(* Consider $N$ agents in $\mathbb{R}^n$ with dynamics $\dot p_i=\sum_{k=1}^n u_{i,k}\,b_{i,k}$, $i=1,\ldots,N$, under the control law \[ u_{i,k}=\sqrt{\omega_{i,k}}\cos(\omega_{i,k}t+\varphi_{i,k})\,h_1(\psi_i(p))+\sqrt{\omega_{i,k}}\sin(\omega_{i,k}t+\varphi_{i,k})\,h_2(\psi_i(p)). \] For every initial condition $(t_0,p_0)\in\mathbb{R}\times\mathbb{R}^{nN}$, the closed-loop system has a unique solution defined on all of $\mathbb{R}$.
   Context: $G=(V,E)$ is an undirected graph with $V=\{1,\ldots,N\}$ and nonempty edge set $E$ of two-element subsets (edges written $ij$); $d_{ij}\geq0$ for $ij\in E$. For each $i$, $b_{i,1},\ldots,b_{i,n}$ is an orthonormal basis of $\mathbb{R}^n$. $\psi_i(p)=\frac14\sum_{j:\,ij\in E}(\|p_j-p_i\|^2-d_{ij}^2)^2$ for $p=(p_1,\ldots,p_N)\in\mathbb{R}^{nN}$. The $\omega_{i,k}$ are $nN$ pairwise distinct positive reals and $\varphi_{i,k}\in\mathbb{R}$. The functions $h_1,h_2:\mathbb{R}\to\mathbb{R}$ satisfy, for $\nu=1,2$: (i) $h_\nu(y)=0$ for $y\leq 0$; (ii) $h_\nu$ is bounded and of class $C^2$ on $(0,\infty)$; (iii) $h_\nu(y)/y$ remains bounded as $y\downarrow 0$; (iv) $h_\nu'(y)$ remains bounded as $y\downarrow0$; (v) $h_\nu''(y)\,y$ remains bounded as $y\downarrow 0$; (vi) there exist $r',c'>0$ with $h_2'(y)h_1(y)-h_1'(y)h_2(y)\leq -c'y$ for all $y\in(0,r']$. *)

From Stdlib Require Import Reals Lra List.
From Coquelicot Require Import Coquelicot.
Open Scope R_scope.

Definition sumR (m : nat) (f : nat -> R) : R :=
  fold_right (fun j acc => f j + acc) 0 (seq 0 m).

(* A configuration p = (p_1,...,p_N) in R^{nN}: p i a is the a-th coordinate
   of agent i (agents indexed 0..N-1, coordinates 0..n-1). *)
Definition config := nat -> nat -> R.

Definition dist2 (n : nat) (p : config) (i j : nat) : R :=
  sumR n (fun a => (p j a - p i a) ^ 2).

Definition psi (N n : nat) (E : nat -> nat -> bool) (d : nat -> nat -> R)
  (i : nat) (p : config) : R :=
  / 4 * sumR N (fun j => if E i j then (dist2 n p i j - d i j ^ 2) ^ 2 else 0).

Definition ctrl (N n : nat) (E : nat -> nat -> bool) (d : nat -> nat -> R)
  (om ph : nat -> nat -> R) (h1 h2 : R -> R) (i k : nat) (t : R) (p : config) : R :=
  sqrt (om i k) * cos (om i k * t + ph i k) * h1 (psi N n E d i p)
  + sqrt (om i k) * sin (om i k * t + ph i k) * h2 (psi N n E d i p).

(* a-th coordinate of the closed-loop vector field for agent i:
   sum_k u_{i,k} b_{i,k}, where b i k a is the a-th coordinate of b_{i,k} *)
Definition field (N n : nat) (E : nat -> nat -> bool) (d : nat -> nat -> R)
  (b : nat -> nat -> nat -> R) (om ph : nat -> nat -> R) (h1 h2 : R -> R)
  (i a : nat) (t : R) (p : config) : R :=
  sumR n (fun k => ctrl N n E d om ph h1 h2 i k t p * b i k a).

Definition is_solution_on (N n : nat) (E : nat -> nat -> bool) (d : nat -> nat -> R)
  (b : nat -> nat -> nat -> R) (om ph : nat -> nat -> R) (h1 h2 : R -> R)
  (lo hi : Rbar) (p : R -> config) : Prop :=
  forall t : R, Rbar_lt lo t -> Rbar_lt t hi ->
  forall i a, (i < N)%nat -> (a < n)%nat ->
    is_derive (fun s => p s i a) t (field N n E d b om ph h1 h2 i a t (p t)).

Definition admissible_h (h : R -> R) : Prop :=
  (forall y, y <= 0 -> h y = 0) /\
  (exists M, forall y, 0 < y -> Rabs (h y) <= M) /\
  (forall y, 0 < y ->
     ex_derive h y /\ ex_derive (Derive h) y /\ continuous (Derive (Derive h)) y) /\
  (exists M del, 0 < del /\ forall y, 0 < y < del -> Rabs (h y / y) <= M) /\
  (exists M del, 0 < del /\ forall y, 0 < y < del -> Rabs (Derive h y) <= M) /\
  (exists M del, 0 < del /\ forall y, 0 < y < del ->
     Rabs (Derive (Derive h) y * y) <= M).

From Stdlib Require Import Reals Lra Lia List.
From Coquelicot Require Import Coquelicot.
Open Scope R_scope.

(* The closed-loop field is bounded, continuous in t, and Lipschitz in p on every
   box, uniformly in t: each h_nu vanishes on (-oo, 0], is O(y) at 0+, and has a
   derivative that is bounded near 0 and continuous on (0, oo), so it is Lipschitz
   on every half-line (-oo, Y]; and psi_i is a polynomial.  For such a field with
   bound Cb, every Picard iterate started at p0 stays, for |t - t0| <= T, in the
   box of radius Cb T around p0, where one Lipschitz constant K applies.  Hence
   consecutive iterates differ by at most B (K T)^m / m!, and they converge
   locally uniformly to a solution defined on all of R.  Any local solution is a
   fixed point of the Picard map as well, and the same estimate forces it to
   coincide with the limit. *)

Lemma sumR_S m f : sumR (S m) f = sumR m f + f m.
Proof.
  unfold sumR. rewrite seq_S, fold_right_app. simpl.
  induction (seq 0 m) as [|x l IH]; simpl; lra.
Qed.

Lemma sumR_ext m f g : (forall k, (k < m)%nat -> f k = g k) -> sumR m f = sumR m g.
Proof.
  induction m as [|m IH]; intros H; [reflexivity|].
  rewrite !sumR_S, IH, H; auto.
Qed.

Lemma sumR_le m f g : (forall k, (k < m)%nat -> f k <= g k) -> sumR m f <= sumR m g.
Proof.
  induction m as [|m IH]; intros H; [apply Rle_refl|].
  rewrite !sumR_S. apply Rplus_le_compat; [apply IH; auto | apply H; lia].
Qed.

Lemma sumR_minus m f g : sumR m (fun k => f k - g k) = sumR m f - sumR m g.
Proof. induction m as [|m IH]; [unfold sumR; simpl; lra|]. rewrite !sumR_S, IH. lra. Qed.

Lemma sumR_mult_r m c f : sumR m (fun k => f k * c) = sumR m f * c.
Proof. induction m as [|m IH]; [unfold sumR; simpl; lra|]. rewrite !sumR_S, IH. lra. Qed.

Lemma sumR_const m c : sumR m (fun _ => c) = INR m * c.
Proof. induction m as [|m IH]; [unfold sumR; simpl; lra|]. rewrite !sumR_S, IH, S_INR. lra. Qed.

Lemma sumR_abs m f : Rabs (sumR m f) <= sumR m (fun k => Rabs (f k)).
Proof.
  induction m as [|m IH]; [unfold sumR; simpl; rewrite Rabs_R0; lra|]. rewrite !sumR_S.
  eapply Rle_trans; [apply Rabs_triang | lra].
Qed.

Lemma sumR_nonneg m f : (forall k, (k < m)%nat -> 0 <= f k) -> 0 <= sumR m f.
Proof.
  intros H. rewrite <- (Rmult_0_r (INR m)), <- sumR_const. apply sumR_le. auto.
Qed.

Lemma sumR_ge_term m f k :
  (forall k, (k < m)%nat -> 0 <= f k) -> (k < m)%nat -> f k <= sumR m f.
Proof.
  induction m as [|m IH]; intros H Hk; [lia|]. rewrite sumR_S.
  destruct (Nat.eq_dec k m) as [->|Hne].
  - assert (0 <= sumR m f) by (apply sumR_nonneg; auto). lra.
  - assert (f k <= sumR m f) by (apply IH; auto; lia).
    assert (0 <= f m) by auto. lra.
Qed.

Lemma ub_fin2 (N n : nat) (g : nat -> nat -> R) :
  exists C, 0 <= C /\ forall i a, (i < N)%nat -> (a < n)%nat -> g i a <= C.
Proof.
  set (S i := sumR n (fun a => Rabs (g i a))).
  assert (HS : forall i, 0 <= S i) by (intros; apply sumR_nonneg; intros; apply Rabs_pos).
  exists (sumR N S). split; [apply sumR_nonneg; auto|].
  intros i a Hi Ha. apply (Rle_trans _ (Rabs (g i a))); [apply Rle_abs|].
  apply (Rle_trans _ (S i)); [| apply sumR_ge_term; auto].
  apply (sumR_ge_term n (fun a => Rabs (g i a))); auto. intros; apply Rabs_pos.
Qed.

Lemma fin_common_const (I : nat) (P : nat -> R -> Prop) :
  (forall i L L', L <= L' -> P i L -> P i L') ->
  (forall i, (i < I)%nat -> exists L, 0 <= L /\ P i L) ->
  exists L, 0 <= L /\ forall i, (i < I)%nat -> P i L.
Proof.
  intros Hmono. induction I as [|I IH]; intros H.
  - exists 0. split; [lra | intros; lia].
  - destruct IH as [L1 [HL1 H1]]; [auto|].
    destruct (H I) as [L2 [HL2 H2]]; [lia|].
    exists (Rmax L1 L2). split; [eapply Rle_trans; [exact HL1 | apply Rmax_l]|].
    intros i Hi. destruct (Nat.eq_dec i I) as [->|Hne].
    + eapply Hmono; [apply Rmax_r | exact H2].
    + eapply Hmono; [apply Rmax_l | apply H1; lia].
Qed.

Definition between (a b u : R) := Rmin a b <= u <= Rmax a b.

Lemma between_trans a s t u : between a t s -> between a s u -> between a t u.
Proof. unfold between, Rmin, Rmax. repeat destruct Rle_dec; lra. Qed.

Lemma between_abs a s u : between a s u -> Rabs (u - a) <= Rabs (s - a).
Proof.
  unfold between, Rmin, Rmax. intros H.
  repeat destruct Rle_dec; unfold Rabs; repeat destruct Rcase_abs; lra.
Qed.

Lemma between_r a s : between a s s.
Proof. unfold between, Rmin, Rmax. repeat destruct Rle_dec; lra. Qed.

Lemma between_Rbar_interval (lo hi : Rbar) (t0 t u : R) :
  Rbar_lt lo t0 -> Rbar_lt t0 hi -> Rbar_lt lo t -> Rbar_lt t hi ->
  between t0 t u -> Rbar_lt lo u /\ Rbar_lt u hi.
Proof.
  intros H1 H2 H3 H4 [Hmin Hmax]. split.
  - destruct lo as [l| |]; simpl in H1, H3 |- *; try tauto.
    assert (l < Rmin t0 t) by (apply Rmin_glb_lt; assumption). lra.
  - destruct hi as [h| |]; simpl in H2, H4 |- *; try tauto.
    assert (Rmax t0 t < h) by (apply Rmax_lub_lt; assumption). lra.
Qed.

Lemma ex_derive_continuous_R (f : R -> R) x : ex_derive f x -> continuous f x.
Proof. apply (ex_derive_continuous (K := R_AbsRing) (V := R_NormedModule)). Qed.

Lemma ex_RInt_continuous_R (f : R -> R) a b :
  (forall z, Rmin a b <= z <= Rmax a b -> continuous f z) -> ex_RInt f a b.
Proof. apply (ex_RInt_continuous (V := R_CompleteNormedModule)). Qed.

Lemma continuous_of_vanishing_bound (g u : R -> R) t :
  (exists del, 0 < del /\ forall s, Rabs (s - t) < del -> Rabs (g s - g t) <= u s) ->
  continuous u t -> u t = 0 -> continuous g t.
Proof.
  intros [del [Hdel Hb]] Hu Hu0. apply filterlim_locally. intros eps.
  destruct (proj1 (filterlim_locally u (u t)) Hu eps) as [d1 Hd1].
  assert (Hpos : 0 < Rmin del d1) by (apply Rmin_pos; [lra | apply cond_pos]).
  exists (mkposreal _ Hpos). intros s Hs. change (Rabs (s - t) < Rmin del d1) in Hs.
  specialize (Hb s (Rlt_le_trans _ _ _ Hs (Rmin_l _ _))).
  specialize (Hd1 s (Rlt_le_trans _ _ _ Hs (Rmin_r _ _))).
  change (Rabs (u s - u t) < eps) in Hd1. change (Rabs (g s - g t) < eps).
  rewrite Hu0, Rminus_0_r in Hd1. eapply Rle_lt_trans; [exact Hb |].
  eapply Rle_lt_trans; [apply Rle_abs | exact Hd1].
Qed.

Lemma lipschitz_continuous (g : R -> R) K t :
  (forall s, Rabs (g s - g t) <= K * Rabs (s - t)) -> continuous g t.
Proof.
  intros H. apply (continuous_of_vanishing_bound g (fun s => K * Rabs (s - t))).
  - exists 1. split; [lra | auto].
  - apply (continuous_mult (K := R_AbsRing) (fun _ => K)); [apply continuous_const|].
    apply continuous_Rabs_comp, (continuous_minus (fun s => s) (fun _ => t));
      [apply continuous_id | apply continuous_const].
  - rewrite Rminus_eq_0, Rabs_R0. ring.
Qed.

** YOUR TASK **
Would you retype the lines above from the one with "exists (sumR N" down to the one with "exists (Rmax L1", word for word, both ends included and no other lines?

** FINISHED TASK **
  exists (sumR N S). split; [apply sumR_nonneg; auto|].
  intros i a Hi Ha. apply (Rle_trans _ (Rabs (g i a))); [apply Rle_abs|].
  apply (Rle_trans _ (S i)); [| apply sumR_ge_term; auto].
  apply (sumR_ge_term n (fun a => Rabs (g i a))); auto. intros; apply Rabs_pos.
Qed.

Lemma fin_common_const (I : nat) (P : nat -> R -> Prop) :
  (forall i L L', L <= L' -> P i L -> P i L') ->
  (forall i, (i < I)%nat -> exists L, 0 <= L /\ P i L) ->
  exists L, 0 <= L /\ forall i, (i < I)%nat -> P i L.
Proof.
  intros Hmono. induction I as [|I IH]; intros H.
  - exists 0. split; [lra | intros; lia].
  - destruct IH as [L1 [HL1 H1]]; [auto|].
    destruct (H I) as [L2 [HL2 H2]]; [lia|].
    exists (Rmax L1 L2). split; [eapply Rle_trans; [exact HL1 | apply Rmax_l]|].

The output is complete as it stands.